Tom’s Midnight Garden by Philippa Pearce

Still one of my favourite books and a big influence on my writing even now. I love the descriptions of the garden of the past, and the happiness Tom finds there, and the reveal still has the power to send shivers up my spine. I also love the way she manages to write a children’s novel without ever talking down – the language and themes are remarkably grown up.

The Savage Garden by Mark Mills

A fascinating exploration of a Renaissance garden in Tuscany, and the macabre hidden message it sends out via statues, grottoes and classical inscriptions.  I found it hard to put down.  It’s billed as a murder mystery, but really has more in common with Dan Brown’s The Da Vinci Code, except that it’s less hysterical and much, much better written.

The Serpent in the Garden by Janet Gleeson

Overall this was a little too cosy for my tastes, but I enjoyed the descriptions of the 18th century garden, the hot house and the mystic art of growing pineapples!  There’s also a nod to the work of Lancelot ‘Capability’ Brown.  A shame that the plot, involving a stolen emerald necklace, didn’t entirely hold up to scrutiny.

Thornyhold by Mary Stewart

Another favourite, with a wonderful sense of otherworldliness and a plot that involves telepathy, white witchcraft and herbalism.  In places it’s desperately sad, but the ‘fairy godmother’ saves the day.  A beautiful and absorbing read.
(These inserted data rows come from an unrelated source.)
(* Let $\mathcal{G}=(\mathcal{N},\mathcal{E})$ be a connected undirected graph with $\mathcal{N}=\{1,\dots,N\}$, $\omega_1,\dots,\omega_N\in\mathbb{R}$, and $\{\Delta_{ij}\}$ a formation (real $\Delta_{ij}$ for each ordered pair with $\{i,j\}\in\mathcal{E}$, $\Delta_{ji}=-\Delta_{ij}$) with $\Delta_{ij}\not\equiv 0,\pi\pmod{2\pi}$ for all edges. Let $\bar\omega\in\mathbb{R}$, let $\mathcal{E}=\mathcal{E}^a\sqcup\mathcal{E}^r$ be a partition, $\mathcal{N}_i^a=\{j:\{i,j\}\in\mathcal{E}^a\}$, $\mathcal{N}_i^r=\{j:\{i,j\}\in\mathcal{E}^r\}$, and fix one attractive coupling function $f^*$ and one repulsive coupling function $g^*$. Put $f^*_{ij}:=f^*(\Delta_{ij})$ for $j\in\mathcal{N}_i^a$ and $g^*_{ij}:=g^*(\Delta_{ij})$ for $j\in\mathcal{N}_i^r$, and define $\mathcal{N}_i^{a,+}=\{j\in\mathcal{N}_i^a:\operatorname{sgn}(\bar\omega-\omega_i)=\operatorname{sgn}(f^*_{ij})\}$, $\mathcal{N}_i^{a,-}=\{j\in\mathcal{N}_i^a:\operatorname{sgn}(\bar\omega-\omega_i)=-\operatorname{sgn}(f^*_{ij})\}$, $\mathcal{N}_i^{r,+}=\{j\in\mathcal{N}_i^r:\operatorname{sgn}(\bar\omega-\omega_i)=\operatorname{sgn}(g^*_{ij})\}$, $\mathcal{N}_i^{r,-}=\{j\in\mathcal{N}_i^r:\operatorname{sgn}(\bar\omega-\omega_i)=-\operatorname{sgn}(g^*_{ij})\}$. Assume that for each $i\in\mathcal{N}$ the set $\mathcal{N}_i^+:=\mathcal{N}_i^{a,+}\cup\mathcal{N}_i^{r,+}$ is non-empty, and let $S_i:=\sum_{j\in\mathcal{N}_i^{a,+}}(f^*_{ij})^2+\sum_{j\in\mathcal{N}_i^{r,+}}(g^*_{ij})^2$. Consider the equations $$(\ast)\qquad \bar\omega-\omega_i=\sum_{j\in\mathcal{N}_i^a}\alpha_{ij}f^*_{ij}+\sum_{j\in\mathcal{N}_i^r}\beta_{ij}g^*_{ij},\qquad i\in\mathcal{N},$$ in unknowns $\alpha_{ij}$ ($i\in\mathcal{N}$, $j\in\mathcal{N}_i^a$) and $\beta_{ij}$ ($i\in\mathcal{N}$, $j\in\mathcal{N}_i^r$), with energy $E(\alpha,\beta)=\sum_{i\in\mathcal{N}}\big(\sum_{j\in\mathcal{N}_i^a}\alpha_{ij}^2+\sum_{j\in\mathcal{N}_i^r}\beta_{ij}^2\big)$. Then: (i) there exist $\alpha_{ij}>0$ and $\beta_{ij}>0$ satisfying $(\ast)$; (ii) for $\epsilon>0$ define $\alpha^\epsilon_{ij}=\epsilon$ for $j\in\mathcal{N}_i^{a,-}$, $\alpha^\epsilon_{ij}=|\bar\omega-\omega_i|\,|f^*_{ij}|/S_i$ for $j\in\mathcal{N}_i^{a,+}$, $\beta^\epsilon_{ij}=\epsilon$ for $j\in\mathcal{N}_i^{r,-}$, $\beta^\epsilon_{ij}=|\bar\omega-\omega_i|\,|g^*_{ij}|/S_i$ for $j\in\mathcal{N}_i^{r,+}$. Then every positive solution $(\alpha,\beta)$ of $(\ast)$ satisfies $E(\alpha,\beta)\ge E_0:=\sum_{i\in\mathcal{N}}(\bar\omega-\omega_i)^2/S_i$, the infimum of $E$ over positive solutions of $(\ast)$ equals $E_0$, and as $\epsilon\to 0^+$ the family $(\alpha^\epsilon,\beta^\epsilon)$ satisfies $(\ast)$ up to an error tending to $0$ and $E(\alpha^\epsilon,\beta^\epsilon)\to E_0$; i.e. $(\alpha^\epsilon,\beta^\epsilon)$ is a minimum-energy solution up to arbitrary precision.
   Context: An attractive coupling function is a $2\pi$-periodic function $f:\mathbb{R}\to\mathbb{R}$, twice differentiable on $(-\pi,\pi)$, with $f(0)=0$, $f'>0$ on $(-\pi,\pi)$, $f(t)\to-\infty$ as $t\to(2n+1)\pi^+$ and $f(t)\to+\infty$ as $t\to(2n+1)\pi^-$ for every integer $n$. A repulsive coupling function is a $2\pi$-periodic $g:\mathbb{R}\to\mathbb{R}$, twice differentiable on $(0,2\pi)$, with $g(\pi)=0$, $g'>0$ on $(0,2\pi)$, $g(t)\to-\infty$ as $t\to 2n\pi^+$ and $g(t)\to+\infty$ as $t\to 2n\pi^-$ for every integer $n$. The coupling functions on the network are the scaled prototypes $f_{ij}=\alpha_{ij}f^*$ (attractive edges) and $g_{ij}=\beta_{ij}g^*$ (repulsive edges), so $(\ast)$ is the condition that the formation moving rigidly with frequency $\bar\omega$ solves $\dot\theta_i=\omega_i+\sum_{j\in\mathcal{N}_i^a}f_{ij}(\theta_j-\theta_i)+\sum_{j\in\mathcal{N}_i^r}g_{ij}(\theta_j-\theta_i)$. Here $\operatorname{sgn}$ is the sign function with $\operatorname{sgn}(0)=0$. *)

From HB Require Import structures.
From mathcomp Require Import all_boot all_order all_algebra.
From mathcomp Require Import all_classical all_reals all_analysis.
Set Implicit Arguments. Unset Strict Implicit. Unset Printing Implicit Defensive.
Import Order.TTheory GRing.Theory Num.Theory.
Import numFieldNormedType.Exports.
Local Open Scope classical_set_scope.
Local Open Scope ring_scope.

Definition attractive {R : realType} (f : R -> R) : Prop :=
  [/\ (forall t, f (t + 2 * pi) = f t),
      (forall t, - pi < t < pi -> derivable f t 1 /\ derivable (derive1 f) t 1),
      f 0 = 0,
      (forall t, - pi < t < pi -> 0 < derive1 f t) &
      (forall n : int,
          f x @[x --> ((2 * n%:~R + 1) * pi)^'+] --> -oo /\
          f x @[x --> ((2 * n%:~R + 1) * pi)^'-] --> +oo)].

Definition repulsive {R : realType} (g : R -> R) : Prop :=
  [/\ (forall t, g (t + 2 * pi) = g t),
      (forall t, 0 < t < 2 * pi -> derivable g t 1 /\ derivable (derive1 g) t 1),
      g pi = 0,
      (forall t, 0 < t < 2 * pi -> 0 < derive1 g t) &
      (forall n : int,
          g x @[x --> (2 * n%:~R * pi)^'+] --> -oo /\
          g x @[x --> (2 * n%:~R * pi)^'-] --> +oo)].

Definition undirected_graph {N : nat} (E : rel 'I_N) : Prop :=
  (forall i j, E i j = E j i) /\ (forall i, ~~ E i i).

Definition connected_graph {N : nat} (E : rel 'I_N) : Prop :=
  forall i j : 'I_N, connect E i j.

Definition formation {R : realType} {N : nat} (E : rel 'I_N)
  (Delta : 'I_N -> 'I_N -> R) : Prop :=
  forall i j, E i j -> Delta j i = - Delta i j.

Definition not_0_pi_mod_2pi {R : realType} (d : R) : Prop :=
  forall k : int, d <> 2 * k%:~R * pi /\ d <> pi + 2 * k%:~R * pi.

Definition Nap {R : realType} {N : nat} (Ea : rel 'I_N) (w : 'I_N -> R) (wb : R)
  (Delta : 'I_N -> 'I_N -> R) (fs : R -> R) (i j : 'I_N) : bool :=
  Ea i j && (Num.sg (wb - w i) == Num.sg (fs (Delta i j))).
Definition Nam {R : realType} {N : nat} (Ea : rel 'I_N) (w : 'I_N -> R) (wb : R)
  (Delta : 'I_N -> 'I_N -> R) (fs : R -> R) (i j : 'I_N) : bool :=
  Ea i j && (Num.sg (wb - w i) == - Num.sg (fs (Delta i j))).
(* the r-versions are the same definitions applied to (Er, gs) *)

Definition Ssum {R : realType} {N : nat} (Ea Er : rel 'I_N) (w : 'I_N -> R) (wb : R)
  (Delta : 'I_N -> 'I_N -> R) (fs gs : R -> R) (i : 'I_N) : R :=
  \sum_(j | Nap Ea w wb Delta fs i j) (fs (Delta i j)) ^+ 2
  + \sum_(j | Nap Er w wb Delta gs i j) (gs (Delta i j)) ^+ 2.

Definition rhs {R : realType} {N : nat} (Ea Er : rel 'I_N)
  (Delta : 'I_N -> 'I_N -> R) (fs gs : R -> R)
  (alpha beta : 'I_N -> 'I_N -> R) (i : 'I_N) : R :=
  \sum_(j | Ea i j) alpha i j * fs (Delta i j)
  + \sum_(j | Er i j) beta i j * gs (Delta i j).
The Sea Garden by Sam Llewellyn

A recent find, set in a fascinating 18th century garden by the sea (on an island off the Cornish coast, no less), where the new owner finds a human skull in a flower bed and sets off to discover who it once belonged to.  Again, this is less murder mystery and more a sprawling family saga involving all sorts of skeletons in all sorts of closets, and I really enjoyed it.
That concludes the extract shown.